Les avantages principaux de cette méthode sont qu’elle évite l'intervention chirurgicale, et qu'elle peut être réalisée à votre domicile si vous le souhaitez. Les inconvénients sont des douleurs liées aux contractions de l'utérus et des saignements qui peuvent durer plusieurs jours.
IVG Instrumentale (ou Chirurgicale)
Après une anesthésie locale ou générale, le médecin ou la sage-femme aspire le contenu de l’utérus après dilatation du col. L’IVG instrumentale est possible jusqu’à 14 semaines de grossesse (soit 16 semaines depuis les dernières règles). Elle a lieu dans un établissement de santé : hôpital ou clinique et dans certains centres de santé. L’hospitalisation pour une IVG instrumentale est dite ambulatoire, car elle a lieu sur une seule journée. Une surveillance de quelques heures suffit, même après une anesthésie générale. L’opération en elle-même ne dure qu’une dizaine de minutes. Il est toutefois recommandé de se faire accompagner par une personne de son choix.
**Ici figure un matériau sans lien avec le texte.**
Lemma mpoly_lipschitz {f s x} {M : R} :
  (forall y, cube y -> `|ev f y| <= M) -> \sum_i s i ^+ 2 <= 1 -> cube x ->
  `|ev f x - ev f s| <= 8 * (tdeg f)%:R ^+ 2 * M * edist x s.
Proof.
move=> f_le s_ball cube_x; set L := edist x s.
have [L_le0|L_gt0] := lerP L 0.
  have L0 : L = 0 by apply/eqP; rewrite eq_le L_le0 sqrtr_ge0.
  by rewrite /ev (meval_eq f (edist_eq0 L0)) subrr normr0 L0 mulr0.
pose u i := (x i - s i) / L.
have x_on_line i : s i + u i * L = x i by rewrite /u divfK ?gt_eqF // addrC subrK.
have [a [b [/andP[a_le0 b_ge0] ab_long cube_a cube_b]]] :=
  cube_chord s_ball (unit_direction L_gt0).
have [b' [bb' Lb' cube_b']] :
    exists b', [/\ b <= b', L <= b' & cube (fun i => s i + u i * b')].
  have [bL|Lb] := lerP b L; first by exists L; split => // i; rewrite x_on_line.
  by exists b; split => //; apply: ltW.
pose q := mpoly_line s u f.
have q_le t : a <= t <= b' -> `|q.[t]| <= M.
  by move=> t_ab'; rewrite horner_mpoly_line; apply/f_le/(cube_line cube_a cube_b').
have size_q : (size q <= (tdeg f).+1)%N :=
  leq_trans (size_mpoly_line _ _ _) (msize_le_tdeg _).
have [c] := poly_mvt q L_gt0; rewrite in_itv /= subr0 => /andP[c_gt0 c_ltL] q_mvt.
have c_in : a <= c <= b' by apply/andP; split; lra.
have := markov_interval size_q q_le c_in.
have qL : q.[L] = ev f x by rewrite horner_mpoly_line; apply: meval_eq.
have q0 : q.[0] = ev f s.
  by rewrite horner_mpoly_line; apply: meval_eq => i; rewrite mulr0 addr0.
rewrite -qL -q0 q_mvt normrM (gtr0_norm L_gt0) ler_pM2r //.
have := normr_ge0 (q^`().[c]); nra.
Qed.
(* [lam - wact t s lam = \sum_j root_coord t s lam j * alpha_j], since s_a lowers
   mu by <mu, alpha_a^vee> alpha_a; the weight coordinates of alpha_j form the
   j-th column of the Cartan matrix. *)
Fixpoint root_coord t n (s : seq 'I_n) (lam : weight n) (j : int) : int :=
  if s is a :: v then root_coord t v lam j + delta j a * wact t v lam a else 0.

Section RootCoordinates.
Variables (t : cartan_type) (n : nat).
Implicit Types (s u : seq 'I_n) (lam : weight n).

Lemma wact_root_coord s lam k :
  wact t s lam k = lam k - \sum_(j < n) cartan t n k j * root_coord t s lam j.
Proof.
elim: s => [|a v IH] /=; first by rewrite big1 ?subr0 // => j _; rewrite mulr0.
rewrite ffunE IH; under [in RHS]eq_bigr do rewrite mulrDr mulrCA.
rewrite big_split /= (sum_delta _ (fun j => cartan t n k `|j|%N * wact t v lam a)).
rewrite ltz_nat ltn_ord /=; ring.
Qed.

Lemma root_coord_out s lam j : ~~ (0 <= j < n%:Z) -> root_coord t s lam j = 0.
Proof.
move=> j_out; elim: s => [|a v IH] //=; rewrite IH /delta.
case: eqP => [j_a | _]; last by rewrite mul0r addr0.
by move: j_out; rewrite j_a ltz_nat ltn_ord.
Qed.

Lemma root_coord_notin s lam (i : 'I_n) : i \notin s -> root_coord t s lam i = 0.
Proof.
elim: s => [|a v IH] //=; rewrite inE negb_or => /andP [i_a /IH ->].
by rewrite /delta eqz_nat val_eqE (negbTE i_a) mul0r addr0.
Qed.

Lemma root_coord_weq s u lam : valid_type t n -> weq t s u ->
  forall j, root_coord t s lam j = root_coord t u lam j.
Proof.
move=> valid su j; apply/eqP; rewrite -subr_eq0; apply/eqP; move: j.
apply: (cartan_kernel valid) => [j j_out | k k_lt].
  by rewrite !root_coord_out ?subrr.
have := wact_root_coord s lam (Ordinal k_lt); rewrite su wact_root_coord /=.
move/addrI/oppr_inj => sums_eq.
by under eq_bigr do rewrite mulrBr; rewrite sumrB sums_eq subrr.
Qed.

End RootCoordinates.

Definition minuscule_word t n (Lam : weight n) (u : seq 'I_n) : Prop :=
  forall (p : nat) (Hp : (p < size u)%N),
    (wact t (drop p.+1 u) Lam) (tnth (in_tuple u) (Ordinal Hp)) = 1.

Definition fund_weight n (i : 'I_n) : weight n := [ffun k => (k == i)%:Z].

Section MinusculeWords.
Variables (t : cartan_type) (n : nat).
Implicit Types (s u v : seq 'I_n) (lam Lam : weight n).

Lemma minuscule_word_cons Lam a v :
  minuscule_word t Lam (a :: v) <-> wact t v Lam a = 1 /\ minuscule_word t Lam v.
Proof.
split=> [Lam_av | [Lam_a Lam_v] [|p] p_lt].
- split; first by have := Lam_av 0%N isT; rewrite (tnth_nth a) /= drop0.
  by move=> p p_lt; have := Lam_av p.+1 p_lt; rewrite !(tnth_nth a).
- by rewrite (tnth_nth a) /= drop0.
- by have := Lam_v p p_lt; rewrite !(tnth_nth a).
Qed.

Lemma root_coord_minuscule Lam u : minuscule_word t Lam u ->
  forall i : 'I_n, root_coord t u Lam i = (count_mem i u)%:Z.
Proof.
elim: u => [|a v IH] //= /minuscule_word_cons [Lam_a /IH {}IH] i.
by rewrite IH Lam_a mulr1 /delta eqz_nat val_eqE eq_sym PoszD addrC.
Qed.

Lemma wactD s (l m : weight n) : wact t s (l + m) = wact t s l + wact t s m.
Proof.
by elim: s => [|a v IH] //=; rewrite IH; apply/ffunP => k; rewrite !ffunE; ring.
Qed.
Les avantages de cette méthode sont qu’elle est rapide et réalisée sous anesthésie. L'inconvénient est qu’elle nécessite une brève hospitalisation.
Accompagnement et Soutien
Si vous êtes mineure, vous devez obligatoirement être accompagnée de la personne majeure de votre choix : votre partenaire, un ami, un membre de votre famille, un membre d'une association,etc. Cette personne ne doit pas chercher à vous influencer, mais, au contraire, à vous soutenir et respecter votre choix. Si vous êtes majeure, cet accompagnement n'est pas obligatoire, mais il reste bien sûr possible si vous le souhaitez.
Une consultation psychosociale est obligatoire pour les personnes mineures, possible sur demande pour les personnes majeures. Cette consultation est confidentielle et vous permet d’obtenir un soutien psychologique, une assistance sur le plan social et des conseils appropriés à votre situation. Elle a lieu avec un professionnel qualifié en conseil conjugal et familial.
Réhabilitation des Femmes Condamnées pour Avortement Avant 1975
Le Parlement a définitivement adopté, une loi pour réhabiliter les femmes condamnées pour avortement avant la loi Veil de 1975. La proposition de loi reconnaît plus largement que l'application des lois pénalisant l'avortement a constitué "une atteinte à la protection de la santé des femmes, à l'autonomie sexuelle et reproductive" ou encore "aux droits des femmes". Le texte contient par ailleurs la création d'une commission de reconnaissance du préjudice subi par les femmes ayant avorté.